张居正当朝的时候,司礼监掌印太监是冯保。史书记载,他是通过矫诏而任掌印,甚至说他与张居正相互勾结而受顾命,张居正也因此得冯保之力而排挤了高拱,坐上了首辅的位置。这种说法为攻击张居正的道德形象提供了直接的证据。但是仔细分析起来,疑问就出现了。据《明史》记载:“冯保,深州人。嘉靖中为司礼秉笔太监。隆庆元年提督东厂兼掌御马监事。保善琴能书,帝……待之甚隆”(《明史·冯保传》)。可以看出,冯保是一个很有能力,并得到嘉靖、隆庆两位皇帝重用的太监。在任司礼监掌印太监的十年里,不仅与张居正配合得很好,实现了“宫府一体”,而且能够“束其子弟,不敢肆恶,都人亦称是”(《明史·冯保传》),没有发生权宦乱政的现象。张居正能够比较顺利地实行改革,与冯保的支持是分不开的。“居正固有才,其所以得委专国柄者,由保为之左右也。”(《明史·冯保传》)同时他也能接受张居正的劝告,“裁抑其党,毋于六部事”(《明史·张居正传》)。甚至在张居正准备向神宗进献白莲和白燕时,他也能够并敢于劝阻:“主上冲年,不可以异物启玩好”(《明史·冯保传》)。这些都说明冯保是一个比较正直,深明大义的太监。但是,他与张居正之间的密切合作却引来了无数的猜忌,人们不相信司礼太监会支持首辅的改革,况且前任首辅还是在与冯保的争斗失败后去职的,因此他们之间一定有不可告人的秘密,高拱的《病榻遗言》则为人们的猜忌提供了直接的“证据”。

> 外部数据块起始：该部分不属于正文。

(* Let $K$ be a field, $\mathcal A$ a $K$-algebra, $\vartheta$ any one of the four types (left, right, pre-two-sided, two-sided), and $M$ a $\vartheta$-Mathieu subspace of $\mathcal A$ such that every element of $\sqrt M$ is algebraic over $K$. Let $V$ be a $K$-subspace of $M$ with $I_M\subseteq V$. Then $V$ is a $\vartheta$-Mathieu subspace of $\mathcal A$ and $\sqrt V=\sqrt{I_M}$.
   Context: All algebras are associative and unital. $\sqrt S$ is the set of $a\in\mathcal A$ with $a^m\in S$ for all sufficiently large $m$. For $\vartheta\neq$ pre-two-sided, $I_M$ is the largest $\vartheta$-ideal of $\mathcal A$ contained in $M$ (the sum of all of them), where a $\vartheta$-ideal is a left ideal if $\vartheta$ = left, right ideal if right, two-sided ideal if two-sided; for $\vartheta$ = pre-two-sided, $I_M$ is the sum of the largest left ideal contained in $M$ and the largest right ideal contained in $M$. A $K$-subspace $V$ is a left (resp. right) Mathieu subspace if whenever $a^m\in V$ for all $m\ge1$, then for every $b\in\mathcal A$, $ba^m\in V$ (resp. $a^mb\in V$) for all sufficiently large $m$; pre-two-sided if both left and right; two-sided if whenever $a^m\in V$ for all $m\ge1$, then for all $b,c$, $ba^mc\in V$ for all sufficiently large $m$. *)

From HB Require Import structures.
From mathcomp Require Import all_boot all_order all_algebra.
Set Implicit Arguments. Unset Strict Implicit. Unset Printing Implicit Defensive.
Import GRing.Theory.
Local Open Scope ring_scope.

Inductive mtype := MLeft | MRight | MPreTwo | MTwo.

Section Defs.
Variables (K : fieldType) (A : algType K).

Definition is_subspace (V : A -> Prop) : Prop :=
  V 0 /\ forall (k : K) (u v : A), V u -> V v -> V (k *: u + v).

Definition sqrt_set (S : A -> Prop) : A -> Prop :=
  fun a => exists N : nat, forall m : nat, (N <= m)%N -> S (a ^+ m).

Definition algebraic (a : A) : Prop :=
  exists p : {poly K}, p != 0 /\ horner_alg a p = 0.

Definition all_powers_in (V : A -> Prop) (a : A) : Prop :=
  forall m : nat, (1 <= m)%N -> V (a ^+ m).

Definition left_mathieu_prop (V : A -> Prop) : Prop :=
  forall a, all_powers_in V a ->
  forall b, exists N : nat, forall m : nat, (N <= m)%N -> V (b * a ^+ m).

Definition right_mathieu_prop (V : A -> Prop) : Prop :=
  forall a, all_powers_in V a ->
  forall b, exists N : nat, forall m : nat, (N <= m)%N -> V (a ^+ m * b).

Definition two_mathieu_prop (V : A -> Prop) : Prop :=
  forall a, all_powers_in V a ->
  forall b c, exists N : nat, forall m : nat, (N <= m)%N -> V (b * a ^+ m * c).

Definition is_mathieu (t : mtype) (V : A -> Prop) : Prop :=
  is_subspace V /\
  match t with
  | MLeft => left_mathieu_prop V
  | MRight => right_mathieu_prop V
  | MPreTwo => left_mathieu_prop V /\ right_mathieu_prop V
  | MTwo => two_mathieu_prop V
  end.

Definition is_left_ideal (J : A -> Prop) : Prop :=
  is_subspace J /\ forall b x, J x -> J (b * x).
Definition is_right_ideal (J : A -> Prop) : Prop :=
  is_subspace J /\ forall b x, J x -> J (x * b).
Definition is_two_ideal (J : A -> Prop) : Prop :=
  is_subspace J /\ forall b c x, J x -> J (b * x * c).

(* The sum of all ideals (of a given kind P) contained in M:
   finite sums of elements each lying in some such ideal. *)
Definition sum_ideals_in (P : (A -> Prop) -> Prop) (M : A -> Prop) : A -> Prop :=
  fun a => exists s : seq A,
    (forall x, x \in s -> exists J : A -> Prop, P J /\ (forall y, J y -> M y) /\ J x)
    /\ a = \sum_(x <- s) x.

Definition I_of (t : mtype) (M : A -> Prop) : A -> Prop :=
  match t with
  | MLeft => sum_ideals_in is_left_ideal M
  | MRight => sum_ideals_in is_right_ideal M
  | MTwo => sum_ideals_in is_two_ideal M
  | MPreTwo => fun a => exists b c,
      sum_ideals_in is_left_ideal M b /\ sum_ideals_in is_right_ideal M c /\ a = b + c
  end.

End Defs.

From HB Require Import structures.
From mathcomp Require Import all_boot all_order all_algebra.
From mathcomp Require Import ring.

Set Implicit Arguments.
Unset Strict Implicit.
Unset Printing Implicit Defensive.
Import GRing.Theory.
Local Open Scope ring_scope.

(* An algebraic element a satisfies a relation a^r = a^(r+1) s with s a
   polynomial in a (divide its minimal relation by the largest power of X).
   Then e = a^r s^r is an idempotent with a^m e = e a^m = a^m for m >= r, and
   e is a combination of arbitrarily high powers of a, so e lies in M whenever
   a lies in sqrt M.  An idempotent of a Mathieu subspace M generates a
   one-sided (or two-sided) ideal contained in M, hence in I_M; since a^m is a
   multiple of e, all the relevant multiples of a^m lie in I_M, which gives
   both the Mathieu property of every V between I_M and M and
   sqrt V = sqrt I_M. *)

Section AlgebraicIdempotent.
Variables (K : fieldType) (A : algType K) (a : A).
Local Notation h := (horner_alg a).

Lemma horner_alg_Xn m : h 'X^m = a ^+ m.
Proof. by rewrite rmorphXn /= horner_algX. Qed.

Lemma horner_alg_comm (p q : {poly K}) : h p * h q = h q * h p.
Proof. by rewrite -!rmorphM mulrC. Qed.

Lemma horner_alg_Xn_mul_in (M : A -> Prop) N : is_subspace M ->
  (forall j, (N <= j)%N -> M (a ^+ j)) -> forall g, M (h ('X^N * g)).
Proof.
move=> [M0 MD] + g; elim/poly_ind: g N => [|g c IH] N HN.
  by rewrite mulr0 rmorph0.
have -> : 'X^N * (g * 'X + c%:P) = c *: 'X^N + 'X^(N.+1) * g :> {poly K}.
  by rewrite -mul_polyC exprS; ring.
rewrite -mul_polyC rmorphD rmorphM /= horner_algC mulr_algl horner_alg_Xn.
apply: MD; first exact: HN.
by apply: IH => j /ltnW; apply: HN.
Qed.

Lemma horner_alg_Xn_stable (p : {poly K}) k : p != 0 -> h (p * 'X^k) = 0 ->
  exists r (q : {poly K}), h 'X^r = h ('X^(r.+1) * q).
Proof.
elim/poly_ind: p k => [|p c IH] k; first by rewrite eqxx.
have [-> | c_neq0] := eqVneq c 0 => [|_ hp0].
  rewrite addr0 => pX_neq0 hp0.
  have p_neq0 : p != 0 by apply: contraNneq pX_neq0 => ->; rewrite mul0r.
  by apply: (IH k.+1 p_neq0); rewrite exprS mulrA.
exists k, (- c^-1%:P * p).
have -> : 'X^k = c^-1%:P * ((p * 'X + c%:P) * 'X^k) + 'X^(k.+1) * (- c^-1%:P * p).
  have cVc : c^-1%:P * c%:P = 1 :> {poly K} by rewrite -polyCM mulVf.
  by rewrite -{1}(mul1r 'X^k) -cVc exprS; ring.
by rewrite rmorphD rmorphM /= hp0 mulr0 add0r.
Qed.

Lemma algebraic_Xn_stable : algebraic a ->
  exists r (q : {poly K}), h 'X^r = h ('X^(r.+1) * q).
Proof.
by move=> [p [p_neq0 hp0]]; apply: (horner_alg_Xn_stable (k := 0) p_neq0); rewrite mulr1.
Qed.

Section Stable.
Variables (r : nat) (q : {poly K}).
Hypothesis stable : h 'X^r = h ('X^(r.+1) * q).

Lemma horner_alg_Xn_shift k g : h ('X^r * g) = h ('X^(r + k) * q ^+ k * g).
Proof.
elim: k g => [|k IH] g; first by rewrite addn0 expr0 mulr1.
rewrite IH [in RHS]addnS !exprS exprD.
have -> : 'X^r * 'X^k * q ^+ k * g = 'X^r * ('X^k * q ^+ k * g) :> {poly K} by ring.
have -> : 'X * ('X^r * 'X^k) * (q * q ^+ k) * g
          = 'X^(r.+1) * q * ('X^k * q ^+ k * g) :> {poly K} by rewrite exprS; ring.
by rewrite !rmorphM /= stable rmorphM.
Qed.

Let e := h ('X^r * q ^+ r).

Lemma stable_idem : e * e = e.
Proof.
rewrite /e -rmorphM [RHS](horner_alg_Xn_shift r (q ^+ r)) exprD; congr (h _); ring.
Qed.

Lemma stable_absorbs m : (r <= m)%N -> a ^+ m * e = a ^+ m /\ e * a ^+ m = a ^+ m.
Proof.
move=> le_rm; suff am_e : a ^+ m * e = a ^+ m.
  by split => //; rewrite -horner_alg_Xn horner_alg_comm horner_alg_Xn.
rewrite -(subnKC le_rm) -!horner_alg_Xn -rmorphM exprD (horner_alg_Xn_shift r).
by congr (h _); rewrite exprD; ring.
Qed.

Lemma stable_idem_in (M : A -> Prop) N : is_subspace M ->
  (forall j, (N <= j)%N -> M (a ^+ j)) -> M e.
Proof.
move=> MS HN; rewrite /e (horner_alg_Xn_shift N (q ^+ r)).
have -> : 'X^(r + N) * q ^+ N * q ^+ r = 'X^N * ('X^r * q ^+ N * q ^+ r) :> {poly K}.
  by rewrite exprD; ring.
exact: horner_alg_Xn_mul_in.
Qed.

End Stable.

Lemma algebraic_power_idempotent (M : A -> Prop) N : is_subspace M -> algebraic a ->
  (forall j, (N <= j)%N -> M (a ^+ j)) ->
  exists e r, [/\ e * e = e, M e &
    forall m, (r <= m)%N -> a ^+ m * e = a ^+ m /\ e * a ^+ m = a ^+ m].
Proof.
move=> MS /algebraic_Xn_stable [r [q stable]] HN.
exists (h ('X^r * q ^+ r)), r; split.
- exact: stable_idem.
- exact: stable_idem_in HN.
- exact: stable_absorbs.
Qed.

End AlgebraicIdempotent.

Section IdempotentIdeals.
Variables (K : fieldType) (A : algType K).
Implicit Types (M : A -> Prop) (e : A).

Lemma expr_idem e m : e * e = e -> (0 < m)%N -> e ^+ m = e.
Proof. by move=> ee; case: m => // m _; elim: m => // m IH; rewrite exprS IH. Qed.

Lemma idem_all_powers_in M e : e * e = e -> M e -> all_powers_in M e.
Proof. by move=> ee Me m m_gt0; rewrite expr_idem. Qed.

Lemma left_mathieu_idem M e : left_mathieu_prop M -> e * e = e -> M e ->
  forall b, M (b * e).
Proof.
move=> MP ee Me b; have [N HN] := MP e (idem_all_powers_in ee Me) b.
by have := HN N.+1 (leqnSn N); rewrite expr_idem.
Qed.

Lemma right_mathieu_idem M e : right_mathieu_prop M -> e * e = e -> M e ->
  forall b, M (e * b).
Proof.
move=> MP ee Me b; have [N HN] := MP e (idem_all_powers_in ee Me) b.
by have := HN N.+1 (leqnSn N); rewrite expr_idem.
Qed.

Lemma two_mathieu_idem M e : two_mathieu_prop M -> e * e = e -> M e ->
  forall b c, M (b * e * c).
Proof.
move=> MP ee Me b c; have [N HN] := MP e (idem_all_powers_in ee Me) b c.
by have := HN N.+1 (leqnSn N); rewrite expr_idem.
Qed.

Lemma sum_ideals_in0 (P : (A -> Prop) -> Prop) M : sum_ideals_in P M 0.
Proof. by exists [::]; rewrite big_nil. Qed.

Lemma sum_ideals_in_mem (P : (A -> Prop) -> Prop) M (J : A -> Prop) x :
  P J -> (forall y, J y -> M y) -> J x -> sum_ideals_in P M x.
Proof.
move=> PJ JM Jx; exists [:: x]; rewrite big_seq1; split => // y.
by rewrite mem_seq1 => /eqP ->; exists J.
Qed.

Lemma is_left_ideal_mulr e : is_left_ideal (fun y => exists c, y = c * e).
Proof.
split; first split; first by exists 0; rewrite mul0r.
  by move=> k _ _ [c ->] [d ->]; exists (k *: c + d); rewrite mulrDl scalerAl.
by move=> b _ [c ->]; exists (b * c); rewrite mulrA.
Qed.

Lemma is_right_ideal_mull e : is_right_ideal (fun y => exists c, y = e * c).
Proof.
split; first split; first by exists 0; rewrite mulr0.
  by move=> k _ _ [c ->] [d ->]; exists (k *: c + d); rewrite mulrDr scalerAr.
by move=> b _ [c ->]; exists (c * b); rewrite mulrA.
Qed.

Definition two_sided_span e : A -> Prop :=
  fun y => exists s : seq (A * A), y = \sum_(u <- s) u.1 * e * u.2.

Lemma is_two_ideal_span e : is_two_ideal (two_sided_span e).
Proof.
split; first split; first by exists [::]; rewrite big_nil.
  move=> k _ _ [s1 ->] [s2 ->]; exists (map (fun u => (k *: u.1, u.2)) s1 ++ s2).
  rewrite big_cat big_map scaler_sumr; congr (_ + _).
  by apply: eq_bigr => u _; rewrite -!scalerAl.
move=> b c _ [s ->]; exists (map (fun u => (b * u.1, u.2 * c)) s).
by rewrite big_map mulr_sumr mulr_suml; apply: eq_bigr => u _; rewrite !mulrA.
Qed.

Lemma two_sided_span_sub M e : is_subspace M -> (forall b c, M (b * e * c)) ->
  forall y, two_sided_span e y -> M y.
Proof.
move=> [M0 MD] Mbec _ [s ->]; elim: s => [|u s IH]; first by rewrite big_nil.
by rewrite big_cons -[X in M (X + _)]scale1r; apply: MD.
Qed.

Lemma left_mathieu_idem_ideal M e : left_mathieu_prop M -> e * e = e -> M e ->
  forall b, sum_ideals_in (@is_left_ideal K A) M (b * e).
Proof.
move=> MP ee Me b; apply: sum_ideals_in_mem (is_left_ideal_mulr e) _ _.
  by move=> _ [c ->]; apply: left_mathieu_idem.
by exists b.
Qed.

Lemma right_mathieu_idem_ideal M e : right_mathieu_prop M -> e * e = e -> M e ->
  forall b, sum_ideals_in (@is_right_ideal K A) M (e * b).
Proof.
move=> MP ee Me b; apply: sum_ideals_in_mem (is_right_ideal_mull e) _ _.
  by move=> _ [c ->]; apply: right_mathieu_idem.
by exists b.
Qed.

Lemma two_mathieu_idem_ideal M e : is_subspace M -> two_mathieu_prop M ->
  e * e = e -> M e -> forall b c, sum_ideals_in (@is_two_ideal K A) M (b * e * c).
Proof.
move=> MS MP ee Me b c; apply: sum_ideals_in_mem (is_two_ideal_span e) _ _.
  by apply: two_sided_span_sub => // ??; apply: two_mathieu_idem.
by exists [:: (b, c)]; rewrite big_seq1.
Qed.

End IdempotentIdeals.

Section Absorbing.
Variables (K : fieldType) (A : algType K).

Definition absorbs (t : mtype) (I : A -> Prop) (x : A) : Prop :=
  match t with
  | MLeft => forall b, I (b * x)
  | MRight => forall b, I (x * b)
  | MPreTwo => (forall b, I (b * x)) /\ (forall b, I (x * b))
  | MTwo => forall b c, I (b * x * c)
  end.

Lemma absorbs_mem t I x : absorbs t I x -> I x.
Proof.
case: t => /=.
- by move/(_ 1); rewrite mul1r.
- by move/(_ 1); rewrite mulr1.
- by case=> /(_ 1); rewrite mul1r.
- by move/(_ 1 1); rewrite mul1r mulr1.
Qed.

Lemma absorbs_sub t (I J : A -> Prop) x :
  (forall y, I y -> J y) -> absorbs t I x -> absorbs t J x.
Proof. by move=> IJ; case: t => /=; [| | case=> Il Ir; split |] => *; apply: IJ. Qed.

Lemma is_mathieu_of_absorbs t V : is_subspace V ->
  (forall a, all_powers_in V a ->
     exists r, forall m, (r <= m)%N -> absorbs t V (a ^+ m)) ->
  is_mathieu t V.
Proof.
move=> VS Vabs; split => //.
case: t Vabs => /= Vabs; try split; move=> a /Vabs [r Hr] *; exists r => m /Hr //.
- by move=> [].
- by move=> [].
Qed.

Lemma absorbs_I_of_idem t M e x : is_mathieu t M -> e * e = e -> M e ->
  x * e = x -> e * x = x -> absorbs t (I_of t M) x.
Proof.
case: t => -[MS MP] ee Me xe ex /=.
- by move=> b; rewrite -xe mulrA; apply: left_mathieu_idem_ideal.
- by move=> b; rewrite -ex -mulrA; apply: right_mathieu_idem_ideal.
- case: MP => ML MR; split=> b.
    exists (b * x), 0; rewrite addr0; split; last by split; first exact: sum_ideals_in0.
    by rewrite -xe mulrA; apply: left_mathieu_idem_ideal.
  exists 0, (x * b); rewrite add0r; split; first exact: sum_ideals_in0.
  by split=> //; rewrite -ex -mulrA; apply: right_mathieu_idem_ideal.
- by move=> b c; rewrite -xe mulrA; apply: two_mathieu_idem_ideal.
Qed.

Lemma sqrt_mathieu_absorbs t M a : is_mathieu t M -> algebraic a -> sqrt_set M a ->
  exists r, forall m, (r <= m)%N -> absorbs t (I_of t M) (a ^+ m).
Proof.
move=> MM alg [N HN].
have [e [r [ee Me ae]]] := algebraic_power_idempotent MM.1 alg HN.
by exists r => m /ae [xe ex]; apply: absorbs_I_of_idem xe ex.
Qed.

End Absorbing.

Theorem theorem4p10 (K : fieldType) (A : algType K) (t : mtype)
  (M V : A -> Prop) :
  is_mathieu t M ->
  (forall a, sqrt_set M a -> algebraic a) ->
  is_subspace V ->
  (forall a, V a -> M a) ->
  (forall a, I_of t M a -> V a) ->
  is_mathieu t V /\ (forall a, sqrt_set V a <-> sqrt_set (I_of t M) a).
Proof.
move=> MM alg VS VM IV.
have absorbs_pow a : sqrt_set M a ->
    exists r, forall m, (r <= m)%N -> absorbs t (I_of t M) (a ^+ m).
  by move=> Ma; apply: sqrt_mathieu_absorbs (alg a Ma) Ma.
split.
  apply: is_mathieu_of_absorbs => // a Va.
  have [r Hr] := absorbs_pow a (ex_intro _ 1%N (fun m m_ge1 => VM _ (Va m m_ge1))).
  by exists r => m /Hr; apply: absorbs_sub.
move=> a; split=> -[N HN]; last by exists N => m /HN /IV.
have [r Hr] := absorbs_pow a (ex_intro _ N (fun m le_Nm => VM _ (HN m le_Nm))).
by exists r => m /Hr /absorbs_mem.
Qed.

冯保与高拱的争斗由来已久。隆庆初年,司礼监掌印出现空缺,按照惯例应该由身为司礼监秉笔太监并提督东厂的冯保接任。高拱为了增加内阁首辅的权力,便设法抑制太监的“批红”权,他不愿意看到“善琴能书”的冯保掌握“批红”权这样的局面,因此极力推荐自己的同乡、御用监陈洪。这不仅违反了惯例,不合情理,而且负责营造事务的陈洪,文字能力较差,很难胜任司礼监掌印所具有的“批红”重任。很显然,高拱得罪了冯保。而在陈洪之后,高拱仍没有推荐冯保,又推荐尚膳监太监孟冲。由尚膳太监接任司礼太监,这在明代还没有过先例。因此,对冯保来说,这一次打击更加沉痛。痛失两次机会,冯保对于高拱自然是恨之入骨。可偏偏在隆庆皇帝死后不久,冯保就坐上了司礼监掌印这个位置,于是冯保与高拱的矛盾尖锐化了。高拱攻击冯保在神宗即位典礼上立于御座之旁是“欺皇上幼冲而慢肆无惮”,上《上新政五事疏》提出削弱司礼监权力,并指使御史劾奏冯保矫诏;冯保则在太后面前告状:“高先生云:‘十岁儿安能决事’”。(《明史·冯保传》)最后的结局自然是高拱被逐,而张居正则取代高拱成为新一任首辅。高拱下野以后,冯保又策划了一次“王大臣事件”欲置高拱于死地,但未如愿。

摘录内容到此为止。